Not wanting to overexert ourselves we used the afternoon to drive across Cornwall and visit Minack Theater. Basically built by three people, the theater is carved into a hillside and during the spring and summer is host to dozens of live performances on it's stone stage.
I imagine that it would be something amazing to watch a live show of Hamlet, or A Midsummer Night's Dream with that view as the backdrop. There was indication that in some of the shows actors actually preform on the rock outcropping just in front of the stage.
I can't decide if it would be more fun to be running around the stone platform or be a spectator sitting on the grass and mason seats enjoying the splendor the theater has to offer. Both would be memorable I would think.
The restaurant we chose for dinner was very nearly there anyway, so we decide to check out Land's End as well while we were in the area.
I can't honestly say why this particular spot on the island I call home gets the distinction of being where the land ends, there are many many such areas I believe. None the less they have built this fun little shopping, tourist spot right at the very tip of this coast of England and it is fun to walk around and imagine sailors of old docking on her shore.
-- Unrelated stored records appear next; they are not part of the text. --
(* Let $\mathcal F_n$ be a class of real-valued functions of $v$, and let $\{q_{k,n,\jmath}\}$, $1\le \jmath\le \mathcal J$, $1\le k\le k_{n,\jmath}$, be functions satisfying $\sup_{1\le k\le k_{n,\jmath}}\sup_{P\in\mathbf P}\|q_{k,n,\jmath}\|_{L^\infty_P}\le B_n$ for all $1\le\jmath\le\mathcal J$, with $B_n\ge 1$. Define $$\mathcal G_n\equiv\{f(x)q_{k,n,\jmath}(z_\jmath): f\in\mathcal F_n,\ 1\le\jmath\le\mathcal J,\ 1\le k\le k_{n,\jmath}\}.$$ Then for all $\epsilon>0$ and all $P\in\mathbf P$, $$N_{[\,]}(\epsilon,\mathcal G_n,\|\cdot\|_{L^2_P})\le k_n\times N_{[\,]}(\epsilon/B_n,\mathcal F_n,\|\cdot\|_{L^2_P}).$$
   Context: Observations are $V=(X,Z)$ with $X\in\mathbf R^{d_x}$ and $Z=(Z_1,\dots,Z_{\mathcal J})$, $Z_\jmath\in\mathbf R^{d_{z_\jmath}}$; $\mathbf P$ is a family of distributions of $V$. $k_n\equiv\sum_{\jmath=1}^{\mathcal J}k_{n,\jmath}$. For $q\ge1$, $\|f\|_{L^q_P}^q=E_P|f(V)|^q$. An $\epsilon$-bracket under $\|\cdot\|_{L^2_P}$ is a set $\{f: L\le f\le U\}$ with $\|U-L\|_{L^2_P}<\epsilon$; $N_{[\,]}(\epsilon,\mathcal G,\|\cdot\|_{L^2_P})$ is the smallest number of $\epsilon$-brackets needed to cover $\mathcal G$. *)

From HB Require Import structures.
From mathcomp Require Import all_boot all_order all_algebra.
From mathcomp Require Import all_classical all_reals all_analysis.
Set Implicit Arguments. Unset Strict Implicit. Unset Printing Implicit Defensive.
Import Order.TTheory GRing.Theory Num.Theory.
Local Open Scope classical_set_scope.
Local Open Scope ring_scope.

Definition LpNorm d (T : measurableType d) (R : realType)
  (P : probability T R) (p : \bar R) (g : T -> R) : \bar R :=
  Lnorm P p (EFin \o g).

Definition bracket_cover d (T : measurableType d) (R : realType)
  (P : probability T R) (eps : R) (G : set (T -> R)) (n : nat) : Prop :=
  exists (L U : 'I_n -> T -> R),
    (forall i, measurable_fun setT (L i) /\ measurable_fun setT (U i) /\
       (LpNorm P 2%:E (fun v => (U i v - L i v)%R) < eps%:E)%E) /\
    (forall g, G g -> exists i : 'I_n, forall v, L i v <= g v <= U i v).

(* Bracketing number N_[](eps, G, L^2_P): the smallest such n, +oo if none. *)
Definition bracketing_number d (T : measurableType d) (R : realType)
  (P : probability T R) (eps : R) (G : set (T -> R)) : \bar R :=
  ereal_inf [set (n%:R)%:E | n in [set n | bracket_cover P eps G n]].

Definition product_class d (T : measurableType d) (R : realType)
  (J : nat) (kn : 'I_J -> nat) (dz : 'I_J -> measure_display)
  (Tz : forall j : 'I_J, measurableType (dz j))
  (zproj : forall j : 'I_J, T -> Tz j)
  (q : forall j : 'I_J, 'I_(kn j) -> Tz j -> R)
  (F : set (T -> R)) : set (T -> R) :=
  [set g | exists f, F f /\ exists (j : 'I_J) (k : 'I_(kn j)),
     g = (fun v => f v * q j k (zproj j v))].

From HB Require Import structures.
From mathcomp Require Import all_boot all_order all_algebra.
From mathcomp Require Import all_classical all_reals all_analysis.
From mathcomp Require Import measurable_realfun.
Set Implicit Arguments. Unset Strict Implicit. Unset Printing Implicit Defensive.
Import Order.TTheory GRing.Theory Num.Theory.
Local Open Scope classical_set_scope.
Local Open Scope ring_scope.

(* If [L <= f <= U] then [f q] lies between [min (L q) (U q)] and
   [max (L q) (U q)], a bracket of width [|U - L| |q| <= B |U - L|] (P-a.e.).
   Taking the product of a bracket cover of [F] at scale [eps / B] with the
   [k_n] multipliers therefore gives a bracket cover of [G_n] at scale [eps]. *)

Section BracketingNumber.
Variables (d : measure_display) (T : measurableType d) (R : realType).
Variables (P : probability T R) (eps : R) (G : set (T -> R)).

Lemma bracket_cover_fintype (I : finType) (L U : I -> T -> R) :
  (forall i, measurable_fun setT (L i) /\ measurable_fun setT (U i) /\
       (LpNorm P 2%:E (fun v => (U i v - L i v)%R) < eps%:E)%E) ->
  (forall g, G g -> exists i : I, forall v, L i v <= g v <= U i v) ->
  bracket_cover P eps G #|I|.
Proof.
move=> LU_small LU_cover.
exists (fun i => L (enum_val i)), (fun i => U (enum_val i)).
split=> [i|g /LU_cover[i gi]]; first exact: LU_small.
by exists (enum_rank i); rewrite enum_rankK.
Qed.

Lemma bracket_cover_set0 : G = set0 -> bracket_cover P eps G 0.
Proof. by move=> ->; exists (fun=> 0), (fun=> 0); split=> [[]|]. Qed.

Lemma bracketing_number_le (n : nat) :
  bracket_cover P eps G n -> (bracketing_number P eps G <= n%:R%:E)%E.
Proof. by move=> covn; apply: ge_ereal_inf; exists n%:R%:E => //; exists n. Qed.

Lemma bracketing_number_attained (n : nat) : bracket_cover P eps G n ->
  exists m, bracket_cover P eps G m /\ bracketing_number P eps G = m%:R%:E.
Proof.
move=> covn.
have ex_cover : exists n, `[< bracket_cover P eps G n >] by exists n; apply/asboolP.
have [m /asboolP covm m_min] := find_ex_minn ex_cover.
exists m; split=> //; apply/eqP; rewrite eq_le bracketing_number_le //=.
apply: le_ereal_inf_tmp => _ [k covk <-].
by rewrite lee_fin ler_nat; apply: m_min; apply/asboolP.
Qed.

Lemma bracketing_number_pinfty :
  ~ (exists n, bracket_cover P eps G n) -> bracketing_number P eps G = +oo%E.
Proof.
move=> nocover; rewrite /bracketing_number.
suff -> : [set n | bracket_cover P eps G n] = set0 by rewrite image_set0 ereal_inf0.
by apply/seteqP; split=> // n covn; apply: nocover; exists n.
Qed.

End BracketingNumber.

Lemma mulr_between_minmax (R : realDomainType) (a b x c : R) : a <= x <= b ->
  Num.min (a * c) (b * c) <= x * c <= Num.max (a * c) (b * c).
Proof.
move=> /andP[ax xb]; have [c0|c0] := leP 0 c.
  by rewrite ge_min le_max (ler_wpM2r c0 ax) (ler_wpM2r c0 xb) orbT.
by rewrite ge_min le_max (ler_wnM2r (ltW c0) ax) (ler_wnM2r (ltW c0) xb) !orbT.
Qed.

Definition mul_bracket_lo (T : Type) (R : realDomainType) (L U c : T -> R) v :=
  Num.min (L v * c v) (U v * c v).
Definition mul_bracket_hi (T : Type) (R : realDomainType) (L U c : T -> R) v :=
  Num.max (L v * c v) (U v * c v).

Lemma normr_maxr_minr (R : realDomainType) (a b : R) :
  `|Num.max a b - Num.min a b| = `|b - a|.
Proof. by rewrite maxEle minEle; case: ifP => // _; rewrite distrC. Qed.

Section LpNormBounds.
Variables (d : measure_display) (T : measurableType d) (R : realType).
Variable (P : probability T R).

Lemma LpNorm_infty_ae_le (g : T -> R) (B : R) :
  (LpNorm P +oo%E g <= B%:E)%E -> {ae P, forall x, `|g x| <= B}.
Proof.
rewrite /LpNorm unlock /Lnorm /= ifT; last by rewrite probability_setT lte01.
by move/ess_sup_inf.ess_supP; apply: filterS => x /=; rewrite lee_fin.
Qed.

Lemma LpNorm2_ae_le_mul (w h : T -> R) (B : R) : 0 <= B ->
  measurable_fun setT w -> measurable_fun setT h ->
  {ae P, forall x, `|w x| <= B * `|h x|} ->
  (LpNorm P 2%:E w <= B%:E * LpNorm P 2%:E h)%E.
Proof.
move=> B0 mw mh w_le.
rewrite /LpNorm unlock /Lnorm /=.
have msq (g : T -> R) : measurable_fun setT g ->
    measurable_fun setT (fun x => (`|g x| `^ 2)%:E : \bar R).
  move=> mg; apply/measurable_EFinP.
  rewrite (_ : (fun x => _) = (@powR R ^~ 2) \o (Num.norm \o g)) //.
  exact: measurableT_comp (measurable_powR _) (measurableT_comp _ mg).
have -> : B%:E = ((B `^ 2)%:E `^ 2^-1)%E.
  by rewrite poweR_EFin -powRrM mulfV// powRr1.
rewrite -poweRM ?lee_fin ?powR_ge0 ?integral_ge0//.
apply: gt0_ler_poweR.
- by rewrite invr_ge0.
- by rewrite in_itv /= leey andbT integral_ge0.
- by rewrite in_itv /= leey andbT mule_ge0 ?lee_fin ?powR_ge0 ?integral_ge0.
rewrite -ge0_integralZl_EFin ?powR_ge0//; last exact: msq.
apply: ae_ge0_le_integral => //; first exact: msq.
- by move=> x _; rewrite mule_ge0 ?lee_fin ?powR_ge0.
- exact/measurable_funeM/msq.
apply: filterS w_le => x wx _.
by rewrite -EFinM lee_fin -powRM// ge0_ler_powR// ?nnegrE ?mulr_ge0.
Qed.

Lemma mul_bracket_small (L U c : T -> R) (B eps : R) : 0 < B ->
  measurable_fun setT L -> measurable_fun setT U -> measurable_fun setT c ->
  {ae P, forall x, `|c x| <= B} ->
  (LpNorm P 2%:E (fun v => (U v - L v)%R) < (eps / B)%:E)%E ->
  measurable_fun setT (mul_bracket_lo L U c) /\
  measurable_fun setT (mul_bracket_hi L U c) /\
  (LpNorm P 2%:E (fun v => (mul_bracket_hi L U c v - mul_bracket_lo L U c v)%R)
     < eps%:E)%E.
Proof.
move=> B0 mL mU mc c_le LU_small.
have mLc : measurable_fun setT (fun v => L v * c v) by exact: measurable_funM.
have mUc : measurable_fun setT (fun v => U v * c v) by exact: measurable_funM.
have mlo : measurable_fun setT (mul_bracket_lo L U c) by exact: measurable_minr.
have mhi : measurable_fun setT (mul_bracket_hi L U c) by exact: measurable_maxr.
do 2!split=> //.
have width_le : (LpNorm P 2%:E (fun v => (mul_bracket_hi L U c v - mul_bracket_lo L U c v)%R)
    <= B%:E * LpNorm P 2%:E (fun v => (U v - L v)%R))%E.
  apply: LpNorm2_ae_le_mul (ltW B0) (measurable_funB mhi mlo) (measurable_funB mU mL) _.
  apply: filterS c_le => x cx.
  by rewrite normr_maxr_minr -mulrBl normrM mulrC ler_wpM2r.
apply: le_lt_trans width_le _.
by rewrite -[eps](divfK (lt0r_neq0 B0)) EFinM muleC lte_pmul2r.
Qed.

End LpNormBounds.

Section ProductClass.
Context {R : realType} {d : measure_display} {T : measurableType d}.
Context {J : nat} {dz : 'I_J -> measure_display}.
Context {Tz : forall j : 'I_J, measurableType (dz j)} {zproj : forall j, T -> Tz j}.
Context {kn : 'I_J -> nat} {q : forall j : 'I_J, 'I_(kn j) -> Tz j -> R}.
Arguments q : clear implicits.

Let multiplier := {j : 'I_J & 'I_(kn j)}.

Lemma card_multiplier : #|{: multiplier}| = (\sum_(j < J) kn j)%N.
Proof.
rewrite card_tagged sumnE big_map big_enum /=.
by apply: eq_bigr => j _; rewrite card_ord.
Qed.

Lemma product_class_eq0 (F : set (T -> R)) :
  (\sum_(j < J) kn j)%N = 0%N -> product_class zproj q F = set0.
Proof.
move=> sum0; apply/seteqP; split=> // g [f [_ [j [k _]]]].
have : (kn j <= \sum_(j < J) kn j)%N by rewrite (bigD1 j) //= leq_addr.
by rewrite sum0 leqn0 => /eqP knj0; case: k; rewrite knj0.
Qed.

Lemma bracket_cover_product_class (P : probability T R) (B eps : R)
    (F : set (T -> R)) (n : nat) :
  (forall j, measurable_fun setT (zproj j)) ->
  (forall j k, measurable_fun setT (q j k)) -> 0 < B ->
  (forall j k, (LpNorm P +oo%E (q j k \o zproj j) <= B%:E)%E) ->
  bracket_cover P (eps / B) F n ->
  bracket_cover P eps (product_class zproj q F) ((\sum_(j < J) kn j) * n)%N.
Proof.
move=> mzproj mq B0 q_le [L [U [LU_small LU_cover]]].
pose c (jk : multiplier) := q (tag jk) (tagged jk) \o zproj (tag jk).
rewrite -card_multiplier -[n in (_ * n)%N]card_ord -card_prod.
apply: (@bracket_cover_fintype _ _ _ P eps _ (multiplier * 'I_n)%type
  (fun i => mul_bracket_lo (L i.2) (U i.2) (c i.1))
  (fun i => mul_bracket_hi (L i.2) (U i.2) (c i.1))).
- move=> [[j k] i]; have [mL [mU LUi_small]] := LU_small i.
  exact: mul_bracket_small B0 mL mU (measurableT_comp (mq j k) (mzproj j))
    (LpNorm_infty_ae_le (q_le j k)) LUi_small.
- move=> g [f [Ff [j [k ->]]]]; have [i fi] := LU_cover f Ff.
  by exists (Tagged (fun j => 'I_(kn j)) k, i) => v; exact: mulr_between_minmax.
Qed.

End ProductClass.

Theorem lemmaB1 (R : realType) (d : measure_display) (T : measurableType d)
  (J : nat) (dz : 'I_J -> measure_display)
  (Tz : forall j : 'I_J, measurableType (dz j))
  (zproj : forall j : 'I_J, T -> Tz j)
  (hzproj : forall j, measurable_fun setT (zproj j))
  (Ps : set (probability T R))
  (F : set (T -> R)) (kn : 'I_J -> nat)
  (q : forall j : 'I_J, 'I_(kn j) -> Tz j -> R)
  (hqm : forall j k, measurable_fun setT (q j k))
  (B : R) (hB1 : 1 <= B)
  (hqB : forall (P : probability T R), Ps P -> forall (j : 'I_J) (k : 'I_(kn j)),
     (LpNorm P +oo%E (q j k \o zproj j) <= B%:E)%E) :
  forall (eps : R), 0 < eps -> forall (P : probability T R), Ps P ->
    (bracketing_number P eps (product_class zproj q F)
     <= ((\sum_(j < J) kn j)%N%:R)%:E * bracketing_number P (eps / B) F)%E.
Proof.
move=> eps _ P PsP; have B0 : 0 < B by exact: lt_le_trans hB1.
have [[n covF]|nocovF] := pselect (exists n, bracket_cover P (eps / B) F n).
  have [m [covFm ->]] := bracketing_number_attained covF.
  have covG := bracket_cover_product_class hzproj hqm B0 (hqB P PsP) covFm.
  by rewrite -EFinM -natrM bracketing_number_le.
rewrite (bracketing_number_pinfty nocovF).
have [sum0|sum_gt0] := eqVneq (\sum_(j < J) kn j)%N 0%N.
  have covG0 : bracket_cover P eps (product_class zproj q F) 0.
    exact/bracket_cover_set0/product_class_eq0.
  by rewrite sum0 mul0e; exact: bracketing_number_le covG0.
by rewrite gt0_muley ?leey // lte_fin ltr0n lt0n.
Qed.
Cornwall has some pretty famous beaches along her long shore line and I had planned to spend Sunday driving to each one and spending time sauntering over the sand of each one. Sadly the weather did not cooperate. We woke up to pouring rain and it only got worse from there. We still took a long drive to each of them hoping that by the time we reached the next one the weather would have lightened up with no luck. I am choosing to see this as reason to return to explore Cornwall again another time and am just grateful for the two brilliant days we did get. I did brave the rain for a few minutes to take some pictures of the beach at St. Ives though.
Those tiny black dots in the water are in fact very tough surfers. You can't see it but they are not only wearing wet suits, they are also wearing gloves, boots and in most cases hoods. A testament to me that it was likely too cold to be surfing.
Monday we delayed heading home so that we could visit the Eden Project.
The bio domes are home to two distinct climate conditions and as you walk around inside it's a bit like traveling to some exotic destination. The first dome is the rainforest and it breaks it up and shows you plants from several different countries that are home to such rainforests.
It includes some simple dwellings that you might come across in the various regions of the rainforest. This weekend they were also running a game of sorts to teach the kids all about chocolate. We got to meet some interesting characters who traded information and sometimes insults for the precious cocoa beans we were provided with as we entered the building.
Between the two domes was a large walkway with gift shops and a large cafe where we enjoyed a light lunch before we went into the Mediterranean enclosure. This dome was much cooler in temperature but equally beautiful to look at.
I was left with a mad desire to visit Greece or some such country as I suspect that this was a pretty inadequate substitute. Other than our drive home taking nearly twice the length it should have thanks to the M5 car park the trip was completely lovely and I am dying to go back.